▶ **WHAT IS REQUIRED**
Word for word, restate the entries below from their first line through the line that contains "Definition relB : word".

(TASK DATA begins)

(* In the pure braid group $P_3$, the subgroup $Q_{\{2\}}\cap Q_{\{3\}}$ has infinite index in $Q_{\{2\}}$ and is not finitely generated.
   Context: $P_3$ denotes the pure braid group on $3$ strands, generated by $p_{1,2},p_{1,3},p_{2,3}$ subject to the relations $p_{1,2}p_{1,3}p_{2,3}=p_{1,3}p_{2,3}p_{1,2}=p_{2,3}p_{1,2}p_{1,3}$. For $S\subseteq\{1,2,3\}$, $Q_S$ is the subgroup of $P_3$ generated by the $p_{a,b}$ ($a<b$) with $a\in S$ or $b\in S$; thus $Q_{\{2\}}=\langle p_{1,2},p_{2,3}\rangle$ and $Q_{\{3\}}=\langle p_{1,3},p_{2,3}\rangle$. *)

(* The pure braid group P_3 is modelled by its presentation:
   words in the generators p12, p13, p23 and their inverses, modulo the
   congruence generated by free cancellation and the defining relations
   p12 p13 p23 = p13 p23 p12 = p23 p12 p13.  Subgroups are predicates on
   words that are closed under this congruence. *)
From Stdlib Require Import List Bool.
Import ListNotations.

Inductive gen : Type := p12 | p13 | p23.

Definition gen_idx (g : gen) : nat * nat :=
  match g with p12 => (1, 2) | p13 => (1, 3) | p23 => (2, 3) end.

(* a letter: a generator with a sign (true = the generator, false = its inverse) *)
Definition letter := (gen * bool)%type.
Definition word := list letter.

Definition linv (a : letter) : letter := (fst a, negb (snd a)).
Definition winv (w : word) : word := rev (map linv w).
Definition pos (g : gen) : letter := (g, true).

Definition relA : word := [pos p12; pos p13; pos p23].
Definition relB : word := [pos p13; pos p23; pos p12].
Definition relC : word := [pos p23; pos p12; pos p13].

Inductive braid_rel : word -> word -> Prop :=
| br_AB : braid_rel relA relB
| br_BC : braid_rel relB relC.

Inductive P3eq : word -> word -> Prop :=
| P3eq_refl : forall w, P3eq w w
| P3eq_sym : forall w1 w2, P3eq w1 w2 -> P3eq w2 w1
| P3eq_trans : forall w1 w2 w3, P3eq w1 w2 -> P3eq w2 w3 -> P3eq w1 w3
| P3eq_cancel : forall u v a, P3eq (u ++ [a; linv a] ++ v) (u ++ v)
| P3eq_rel : forall u v r1 r2, braid_rel r1 r2 -> P3eq (u ++ r1 ++ v) (u ++ r2 ++ v).

Definition involves (S : nat -> Prop) (g : gen) : Prop :=
  S (fst (gen_idx g)) \/ S (snd (gen_idx g)).

Definition Q (S : nat -> Prop) (w : word) : Prop :=
  exists u : word, (forall a, In a u -> involves S (fst a)) /\ P3eq w u.

Definition Q2 : word -> Prop := Q (fun i => i = 2).
Definition Q3 : word -> Prop := Q (fun i => i = 3).

Definition sub_inter (H K : word -> Prop) : word -> Prop := fun w => H w /\ K w.

Definition has_finite_index (H K : word -> Prop) : Prop :=
  exists reps : list word,
    forall k, K k -> exists r, In r reps /\ H (winv r ++ k).

Definition finitely_generated (H : word -> Prop) : Prop :=
  exists gens : list word,
    (forall g, In g gens -> H g) /\
    forall h, H h ->
      exists l : list (word * bool),
        (forall p, In p l -> In (fst p) gens) /\
        P3eq h (concat (map (fun p : word * bool => if snd p then fst p else winv (fst p)) l)).

From Stdlib Require Import List ZArith Lia.
Import ListNotations.
Open Scope Z_scope.

(* The exponent sum of [p12] vanishes on [Q3] but takes every value [n] on
   [p12^n ∈ Q2], so no finite set of cosets of [Q2 ∩ Q3] covers [Q2].

   For finite generation, map [P3] to the lamplighter group [Z wr Z] by
   [p12 ↦ t], [p13 ↦ δ_0 t^-1], [p23 ↦ -δ_1].  The shift [t]-exponent is
   [e12 - e13], so [Q2 ∩ Q3] lands in the base [Z^(Z)], and any finitely
   generated subgroup of the base has lamps supported below a fixed bound.
   But [p13^-m p23 p13^m] lies in [Q2 ∩ Q3] (in [Q2] because [p13 p23 p12] is
   central) and has a lamp at position [m + 1]. *)

Lemma P3eq_cong u v w1 w2 : P3eq w1 w2 -> P3eq (u ++ w1 ++ v) (u ++ w2 ++ v).
Proof.
  intros H; induction H.
  - apply P3eq_refl.
  - apply P3eq_sym; assumption.
  - eapply P3eq_trans; eassumption.
  - pose proof (P3eq_cancel (u ++ u0) (v0 ++ v) a) as K.
    rewrite <- !app_assoc in *. exact K.
  - pose proof (P3eq_rel (u ++ u0) (v0 ++ v) r1 r2 H) as K.
    rewrite <- !app_assoc in *. exact K.
Qed.

Lemma P3eq_app w1 w2 w3 w4 : P3eq w1 w2 -> P3eq w3 w4 -> P3eq (w1 ++ w3) (w2 ++ w4).
Proof.
  intros H12 H34. apply P3eq_trans with (w2 ++ w3).
  - exact (P3eq_cong [] w3 w1 w2 H12).
  - pose proof (P3eq_cong w2 [] w3 w4 H34) as K. rewrite !app_nil_r in K. exact K.
Qed.

Lemma winv_app u v : winv (u ++ v) = winv v ++ winv u.
Proof. unfold winv. rewrite map_app, rev_app_distr. reflexivity. Qed.

Lemma length_winv w : length (winv w) = length w.
Proof. unfold winv. rewrite length_rev, length_map. reflexivity. Qed.

Lemma P3eq_app_winv w : P3eq (w ++ winv w) [].
Proof.
  induction w as [|a w IH]; [apply P3eq_refl|].
  replace ((a :: w) ++ winv (a :: w)) with ([a] ++ (w ++ winv w) ++ [linv a])
    by (unfold winv; simpl; rewrite <- !app_assoc; reflexivity).
  eapply P3eq_trans; [apply P3eq_cong, IH|].
  exact (P3eq_cancel [] [] a).
Qed.

Fixpoint wpow (w : word) (n : nat) : word :=
  match n with O => [] | S n => w ++ wpow w n end.

Definition wsum (f : letter -> Z) (w : word) : Z :=
  fold_right (fun a acc => f a + acc) 0 w.

Definition odd_weight (f : letter -> Z) : Prop := forall a, f (linv a) = - f a.

Lemma wsum_app f u v : wsum f (u ++ v) = wsum f u + wsum f v.
Proof. induction u as [|a u IH]; simpl; [|rewrite IH]; lia. Qed.

Lemma wsum_winv f w : odd_weight f -> wsum f (winv w) = - wsum f w.
Proof.
  intros Hf. induction w as [|a w IH]; [reflexivity|].
  change (a :: w) with ([a] ++ w). rewrite winv_app, wsum_app, IH.
  simpl. rewrite Hf. lia.
Qed.

Lemma wsum_wpow f w n : wsum f (wpow w n) = Z.of_nat n * wsum f w.
Proof. induction n as [|n IH]; cbn [wpow]; [reflexivity|]. rewrite wsum_app, IH; lia. Qed.

Lemma wsum_P3eq f w1 w2 :
  odd_weight f -> wsum f relA = wsum f relB -> wsum f relB = wsum f relC ->
  P3eq w1 w2 -> wsum f w1 = wsum f w2.
Proof.
  intros Hf HAB HBC H; induction H; try lia.
  - rewrite !wsum_app; simpl; rewrite Hf; lia.
  - rewrite !wsum_app. destruct H; lia.
Qed.

Lemma wsum_Q f S w :
  odd_weight f -> wsum f relA = wsum f relB -> wsum f relB = wsum f relC ->
  (forall a, involves S (fst a) -> f a = 0) -> Q S w -> wsum f w = 0.
Proof.
  intros Hf HAB HBC H0 [u [Hu Hw]].
  rewrite (wsum_P3eq f _ _ Hf HAB HBC Hw). clear Hw.
  induction u as [|a u IH]; [reflexivity|]. simpl.
  rewrite H0, IH by (intros; apply Hu; simpl; auto). reflexivity.
Qed.

Definition sgn (b : bool) : Z := if b then 1 else -1.

Definition e12 (a : letter) : Z := match a with (p12, b) => sgn b | _ => 0 end.
Definition e13 (a : letter) : Z := match a with (p13, b) => sgn b | _ => 0 end.

Lemma odd_e12 : odd_weight e12. Proof. intros [[] []]; reflexivity. Qed.
Lemma odd_e13 : odd_weight e13. Proof. intros [[] []]; reflexivity. Qed.

Lemma e12_Q3 w : Q3 w -> wsum e12 w = 0.
Proof.
  apply wsum_Q; [exact odd_e12|reflexivity|reflexivity|].
  intros [[] b] [H|H]; simpl in H; easy.
Qed.

Lemma e13_Q2 w : Q2 w -> wsum e13 w = 0.
Proof.
  apply wsum_Q; [exact odd_e13|reflexivity|reflexivity|].
  intros [[] b] [H|H]; simpl in H; easy.
Qed.

Lemma le_list_max n l : In n l -> (n <= list_max l)%nat.
Proof.
  intros Hn. assert (H : Forall (fun k => k <= list_max l)%nat l)
    by (apply list_max_le; lia).
  rewrite Forall_forall in H. exact (H n Hn).
Qed.

(* A coset [r H] meeting [k] forces [wsum f r = wsum f k], so finitely many
   cosets bound [wsum f] on [K]. *)
Lemma not_finite_index_of_unbounded f (H K : word -> Prop) :
  odd_weight f -> (forall w, H w -> wsum f w = 0) ->
  (forall n : nat, exists k, K k /\ wsum f k = Z.of_nat n) ->
  ~ has_finite_index H K.
Proof.
  intros Hf HH HK [reps Hreps].
  set (M := list_max (map (fun r => Z.abs_nat (wsum f r)) reps)).
  destruct (HK (S M)) as [k [Kk Ek]].
  destruct (Hreps k Kk) as [r [Hr Hrk]].
  apply HH in Hrk. rewrite wsum_app, wsum_winv, Ek in Hrk by exact Hf.
  assert (HM : (Z.abs_nat (wsum f r) <= M)%nat)
    by (apply le_list_max, (in_map (fun r => Z.abs_nat (wsum f r))), Hr).
  lia.
Qed.

(** * The centre and conjugation by [p13] *)

Definition neg (g : gen) : letter := (g, false).

Definition central (c : word) : Prop := forall w, P3eq (c ++ w) (w ++ c).

Lemma central_of_letters c :
  (forall g, P3eq (c ++ [pos g]) ([pos g] ++ c)) -> central c.
Proof.
  intros Hc.
  assert (Hl : forall a, P3eq (c ++ [a]) ([a] ++ c)).
  { intros [g []]; [apply Hc|].
    set (a := neg g).
    apply P3eq_trans with ([a; pos g] ++ c ++ [a]).
    { apply P3eq_sym. pose proof (P3eq_cancel [] (c ++ [a]) a) as K. exact K. }
    apply P3eq_trans with ([a] ++ (c ++ [pos g]) ++ [a]).
    { change (P3eq ([a] ++ ([pos g] ++ c) ++ [a]) ([a] ++ (c ++ [pos g]) ++ [a])).
      apply P3eq_cong, P3eq_sym, Hc. }
    pose proof (P3eq_cancel ([a] ++ c) [] (pos g)) as K.
    rewrite <- !app_assoc, !app_nil_r in K. rewrite <- !app_assoc. exact K. }
  intros w; induction w as [|a w IH].
  - rewrite app_nil_r; apply P3eq_refl.
  - apply P3eq_trans with ([a] ++ c ++ w).
    + pose proof (P3eq_cong [] w _ _ (Hl a)) as K.
      rewrite <- !app_assoc in K. exact K.
    + exact (P3eq_app [a] [a] _ _ (P3eq_refl _) IH).
Qed.

Lemma central_relB : central relB.
Proof.
  apply central_of_letters; intros [].
  - apply P3eq_sym; exact (P3eq_rel [] [pos p12] _ _ br_AB).
  - apply P3eq_sym; exact (P3eq_rel [pos p13] [] _ _ br_BC).
  - eapply P3eq_trans; [exact (P3eq_rel [] [pos p23] _ _ br_BC)|].
    exact (P3eq_rel [pos p23] [] _ _ br_AB).
Qed.
(* Let $p\ge 1$ be an integer. (i) For all $x\in[0,1]^p, y\in\{0,1\}^p$, and for all $x\in\{0,1\}^p, y\in[0,1]^p$, one has $\overline{\Delta}_{\mathrm{JML1}}(x,y)=\overline{\Delta}_{\mathrm{JML2}}(x,y)=\overline{\Delta}_{\mathrm{SJL},L^1}(x,y)$. (ii) For all $x,y\in[0,1]^p$, $\overline{\Delta}_{\mathrm{JML1},L^2}(x,y)=\overline{\Delta}_{\mathrm{JML2},L^2}(x,y)=\overline{\Delta}_{\mathrm{SJL},L^2}(x,y)$. (iii) There exist $x,y\in[0,1]^p$ with $\overline{\Delta}_{\mathrm{JML1}}(x,y)\neq\overline{\Delta}_{\mathrm{JML2}}(x,y)$ and $\overline{\Delta}_{\mathrm{JML2}}(x,y)\neq\overline{\Delta}_{\mathrm{SJL},L^1}(x,y)$.
   Context: For $x,y \in [0,1]^p$ write $\|x\|_1=\sum_{i=1}^p |x_i|$, $\|x\|_2^2=\sum_{i=1}^p x_i^2$ and $\langle x,y\rangle=\sum_{i=1}^p x_iy_i$. Define, for $x,y\in[0,1]^p$: $\overline{\Delta}_{\mathrm{JML1}}(x,y) = 1 - \frac{\|x\|_1+\|y\|_1-\|x-y\|_1}{\|x\|_1+\|y\|_1+\|x-y\|_1}$, $\overline{\Delta}_{\mathrm{JML2}}(x,y) = 1 - \frac{\langle x,y\rangle}{\langle x,y\rangle+\|x-y\|_1}$, $\overline{\Delta}_{\mathrm{SJL},L^1}(x,y) = 1 - \frac{\langle x,y\rangle}{\|x\|_1+\|y\|_1-\langle x,y\rangle}$, $\overline{\Delta}_{\mathrm{JML1},L^2}(x,y) = 1 - \frac{\|x\|_2^2+\|y\|_2^2-\|x-y\|_2^2}{\|x\|_2^2+\|y\|_2^2+\|x-y\|_2^2}$, $\overline{\Delta}_{\mathrm{JML2},L^2}(x,y) = 1 - \frac{\langle x,y\rangle}{\langle x,y\rangle+\|x-y\|_2^2}$, $\overline{\Delta}_{\mathrm{SJL},L^2}(x,y) = 1 - \frac{\langle x,y\rangle}{\|x\|_2^2+\|y\|_2^2-\langle x,y\rangle}$. All these denominators vanish only when $x=y=0$; by convention each of these functions takes the value $0$ at $(x,y)=(0,0)$. *)

From mathcomp Require Import all_boot all_order all_algebra.
Set Implicit Arguments. Unset Strict Implicit. Unset Printing Implicit Defensive.
Import Order.TTheory GRing.Theory Num.Theory.
Local Open Scope ring_scope.

Section Defs.
Variables (R : realFieldType) (p : nat).
Implicit Types x y : 'I_p -> R.

Definition norm1 x : R := \sum_(i < p) `|x i|.
Definition norm2sq x : R := \sum_(i < p) x i ^+ 2.
Definition inner x y : R := \sum_(i < p) x i * y i.
Definition vsub x y : 'I_p -> R := fun i => x i - y i.

Definition both_zero x y : bool := [forall i, (x i == 0) && (y i == 0)].

Definition in_unit_cube x : Prop := forall i, 0 <= x i <= 1.
Definition is_binary x : Prop := forall i, (x i == 0) || (x i == 1).

Definition D_JML1 x y : R :=
  if both_zero x y then 0 else
  1 - (norm1 x + norm1 y - norm1 (vsub x y)) / (norm1 x + norm1 y + norm1 (vsub x y)).
Definition D_JML2 x y : R :=
  if both_zero x y then 0 else
  1 - inner x y / (inner x y + norm1 (vsub x y)).
Definition D_SJL_L1 x y : R :=
  if both_zero x y then 0 else
  1 - inner x y / (norm1 x + norm1 y - inner x y).
Definition D_JML1_L2 x y : R :=
  if both_zero x y then 0 else
  1 - (norm2sq x + norm2sq y - norm2sq (vsub x y)) / (norm2sq x + norm2sq y + norm2sq (vsub x y)).
Definition D_JML2_L2 x y : R :=
  if both_zero x y then 0 else
  1 - inner x y / (inner x y + norm2sq (vsub x y)).
Definition D_SJL_L2 x y : R :=
  if both_zero x y then 0 else
  1 - inner x y / (norm2sq x + norm2sq y - inner x y).
End Defs.

From mathcomp Require Import all_boot all_order all_algebra.
From mathcomp Require Import ring lra.

Set Implicit Arguments.
Unset Strict Implicit.
Unset Printing Implicit Defensive.
Import Order.TTheory GRing.Theory Num.Theory.
Local Open Scope ring_scope.

(* Each of the six dissimilarities is 1 - r for a ratio r built from a
   "norm" N and the inner product.  Whenever N satisfies the polarization
   identity N (x - y) = N x + N y - 2 <x, y>, the three ratios all reduce to
   <x, y> / (N x + N y - <x, y>).  The squared L2 norm always satisfies it;
   the L1 norm satisfies it coordinatewise as soon as one coordinate is 0 or 1
   and the other lies in [0, 1].  For (iii), the constant vectors 1/2 and 1/4
   give the three pairwise different values 1/2, 2/3 and 4/5. *)

(* No nonvanishing hypothesis: every denominator is a multiple of a + b - c,
   so with x / 0 = 0 the identities hold unconditionally. *)
Lemma polarized_ratios_eq (R : numFieldType) (a b c d : R) :
  d = a + b - 2 * c ->
  (a + b - d) / (a + b + d) = c / (c + d) /\ c / (c + d) = c / (a + b - c).
Proof.
move->; have -> : c + (a + b - 2 * c) = a + b - c by ring.
split=> //.
have -> : a + b - (a + b - 2 * c) = 2 * c by ring.
have -> : a + b + (a + b - 2 * c) = 2 * (a + b - c) by ring.
by rewrite -mulf_div divff ?mul1r ?pnatr_eq0.
Qed.

Lemma normB_binary (R : realDomainType) (x y : R) :
  0 <= x <= 1 -> (y == 0) || (y == 1) ->
  `|x - y| = `|x| + `|y| - 2 * (x * y).
Proof.
move=> /andP[x_ge0 x_le1] /orP[/eqP->|/eqP->].
- by rewrite subr0 normr0 ger0_norm //; ring.
- by rewrite ler0_norm ?subr_le0 // ger0_norm // normr1; ring.
Qed.

Section Dissimilarities.
Variables (R : realFieldType) (p : nat).
Implicit Types (x y : 'I_p -> R) (a b : R).

Lemma norm2sq_vsub x y :
  norm2sq (vsub x y) = norm2sq x + norm2sq y - 2 * inner x y.
Proof.
rewrite /norm2sq /inner mulr_sumr -big_split -sumrB.
by apply: eq_bigr => i _; rewrite /vsub /=; ring.
Qed.

Lemma norm1_vsub_binary x y :
  (in_unit_cube x /\ is_binary y) \/ (is_binary x /\ in_unit_cube y) ->
  norm1 (vsub x y) = norm1 x + norm1 y - 2 * inner x y.
Proof.
move=> xy01; rewrite /norm1 /inner mulr_sumr -big_split -sumrB.
apply: eq_bigr => i _; rewrite /vsub /=.
case: xy01 => [[x01 y01]|[x01 y01]]; first exact: normB_binary (x01 i) (y01 i).
rewrite distrC [x i * _]mulrC (normB_binary (y01 i) (x01 i)).
by rewrite [`|y i| + _]addrC.
Qed.

Lemma norm1_cst a : norm1 (fun _ : 'I_p => a) = p%:R * `|a|.
Proof. by rewrite /norm1 sumr_const card_ord mulr_natl. Qed.

Lemma inner_cst a b :
  inner (fun _ : 'I_p => a) (fun _ => b) = p%:R * (a * b).
Proof. by rewrite /inner sumr_const card_ord mulr_natl. Qed.

Hypothesis p_gt0 : (0 < p)%N.

Lemma both_zero_cstF a b :
  a != 0 -> both_zero (fun _ : 'I_p => a) (fun _ => b) = false.
Proof.
by move=> /negbTE a_neq0; apply/forallP => /(_ (Ordinal p_gt0)); rewrite a_neq0.
Qed.

Lemma L1_dissimilarities_half_quarter :
  let x := fun _ : 'I_p => 1 / 2 : R in let y := fun _ : 'I_p => 1 / 4 : R in
  [/\ D_JML1 x y = 1 / 2, D_JML2 x y = 2 / 3 & D_SJL_L1 x y = 4 / 5].
Proof.
rewrite /D_JML1 /D_JML2 /D_SJL_L1 both_zero_cstF; last by apply/eqP; lra.
rewrite /vsub !norm1_cst inner_cst !ger0_norm; try lra.
have : (0 : R) < p%:R by rewrite ltr0n.
move: (p%:R : R) => P P_gt0.
by split; field; rewrite gt_eqF //; lra.
Qed.

End Dissimilarities.

Theorem theorem2 (R : realFieldType) (p : nat) (hp : (1 <= p)%N) :
  (* (i) *)
  (forall x y : 'I_p -> R,
     ((in_unit_cube x /\ is_binary y) \/ (is_binary x /\ in_unit_cube y)) ->
     D_JML1 x y = D_JML2 x y /\ D_JML2 x y = D_SJL_L1 x y) /\
  (* (ii) *)
  (forall x y : 'I_p -> R, in_unit_cube x -> in_unit_cube y ->
     D_JML1_L2 x y = D_JML2_L2 x y /\ D_JML2_L2 x y = D_SJL_L2 x y) /\
  (* (iii) *)
  (exists x y : 'I_p -> R, in_unit_cube x /\ in_unit_cube y /\
     D_JML1 x y <> D_JML2 x y /\ D_JML2 x y <> D_SJL_L1 x y).
Proof.
split; [|split].
- move=> x y xy01; rewrite /D_JML1 /D_JML2 /D_SJL_L1; case: ifP => // _.
  by have [-> ->] := polarized_ratios_eq (norm1_vsub_binary xy01).
- move=> x y _ _; rewrite /D_JML1_L2 /D_JML2_L2 /D_SJL_L2; case: ifP => // _.
  by have [-> ->] := polarized_ratios_eq (norm2sq_vsub x y).
- exists (fun _ => 1 / 2), (fun _ => 1 / 4).
  have [-> -> ->] := L1_dissimilarities_half_quarter R hp.
  by split; [|split; [|split]] => [i|i||]; lra.
Qed.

(TASK DATA ends)

▶ **WRITTEN ANSWER**
(* In the pure braid group $P_3$, the subgroup $Q_{\{2\}}\cap Q_{\{3\}}$ has infinite index in $Q_{\{2\}}$ and is not finitely generated.
   Context: $P_3$ denotes the pure braid group on $3$ strands, generated by $p_{1,2},p_{1,3},p_{2,3}$ subject to the relations $p_{1,2}p_{1,3}p_{2,3}=p_{1,3}p_{2,3}p_{1,2}=p_{2,3}p_{1,2}p_{1,3}$. For $S\subseteq\{1,2,3\}$, $Q_S$ is the subgroup of $P_3$ generated by the $p_{a,b}$ ($a<b$) with $a\in S$ or $b\in S$; thus $Q_{\{2\}}=\langle p_{1,2},p_{2,3}\rangle$ and $Q_{\{3\}}=\langle p_{1,3},p_{2,3}\rangle$. *)

(* The pure braid group P_3 is modelled by its presentation:
   words in the generators p12, p13, p23 and their inverses, modulo the
   congruence generated by free cancellation and the defining relations
   p12 p13 p23 = p13 p23 p12 = p23 p12 p13.  Subgroups are predicates on
   words that are closed under this congruence. *)
From Stdlib Require Import List Bool.
Import ListNotations.

Inductive gen : Type := p12 | p13 | p23.

Definition gen_idx (g : gen) : nat * nat :=
  match g with p12 => (1, 2) | p13 => (1, 3) | p23 => (2, 3) end.

(* a letter: a generator with a sign (true = the generator, false = its inverse) *)
Definition letter := (gen * bool)%type.
Definition word := list letter.

Definition linv (a : letter) : letter := (fst a, negb (snd a)).
Definition winv (w : word) : word := rev (map linv w).
Definition pos (g : gen) : letter := (g, true).

Definition relA : word := [pos p12; pos p13; pos p23].
Definition relB : word := [pos p13; pos p23; pos p12].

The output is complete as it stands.